One inn for the best of two worlds - craft beers and Irish whiskey, The Barking Deer is Mumbai’s own first craft brewpub. With the launch of The Jameson Loft at The Barking Deer, it now offers a place to relish the best Irish whiskey along with the fresh brews from the brewery, under one roof.

Situated in the attic of The Barking Deer in Mumbai, The Jameson Loft aims to cater to a select group of 35-40 guzzlers. The concept of The Jameson Loft evolved in conjunction with Gregory Kroitzsh of The Barking Deer, who is hopeful of popularizing the global trends of consuming Jameson with beer. The Jameson Loft, the first ever exclusive whiskey bar echoes this spirit and culture of Jameson. When John Jameson created Jameson Irish Whiskey in 1780, he also created a culture of whiskey lovers who savour every moment of drinking the “water of life”.
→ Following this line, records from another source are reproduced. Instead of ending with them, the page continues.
Lemma expands_Vfun_div n : expands posz (fun z => Vfun z / z) (spread (dseq aM aN)) n.
Proof.
  pose proof (expands_scale _ _ _ (/ 2) _ (expands_add _ _ _ _ _ _
    (expands_Afun (-1) (S n) ltac:(ring))
    (expands_scale _ _ _ (-1) _ (expands_Afun 1 (S n) ltac:(ring))))) as H.
  apply expands_tail in H.
  eapply expands_coef_congr; [|eapply expands_congr; [|exact H]].
  - intros L _; unfold tail; cbv beta; rewrite pow1.
    destruct (Nat.Even_or_Odd L) as [[i ->]|[i ->]].
    + rewrite spread_even; replace (S (2 * i)) with (2 * i + 1)%nat by lia.
      rewrite div_double1, pow_sign_odd by ring; unfold dseq; field.
    + rewrite spread_odd; replace (S (2 * i + 1)) with (2 * S i)%nat by lia.
      rewrite pow_sign_even by ring; field.
  - intros z z0; unfold Vfun; cbv beta; simpl pow; field; auto.
Qed.

Lemma profile_stabilized z : 0 < z < 1 -> profile N z = K (Ufun z - Vfun z) (Ufun z + Vfun z).
Proof.
  intros Hz; pose proof (profile_bounds M z HmM Hz) as Hb; unfold profile in Hb.
  replace (Ufun z - Vfun z) with (Afun 1 z) by (unfold Ufun, Vfun; field).
  replace (Ufun z + Vfun z) with (Afun (-1) z) by (unfold Ufun, Vfun; field).
  unfold Afun, profile; rewrite Hst by lra.
  rewrite (HsN (M (1 - z) (1 + z)) (1 + z)) by lra.
  do 2 f_equal; ring.
Qed.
The Barking Deer, one of the most popular bars in Mumbai, served its first craft beer in November of 2013. It was a significant event in Mumbai, as the owner struggled for almost two years to get the license for brewing. With the novel concept of The Jameson Loft, Gregory is now confident of creating another milestone in the city. The Barking Deer has been modeled after popular American brewpubs that founder Gregory frequented before he moved to Mumbai in 2008. The new loft also has a similar Manhattan pub vibe, while exuding the Jameson culture and energy. What started off as casual, unplanned ‘After Hours’ sessions in the attic before it was christened as ‘The Jameson Loft’, soon became hugely popular and a routine affair with the regulars. They started looking forward to the Jameson cocktails, game nights, fun and private evenings with their buddies, formerly referred as The Barking Deer attic.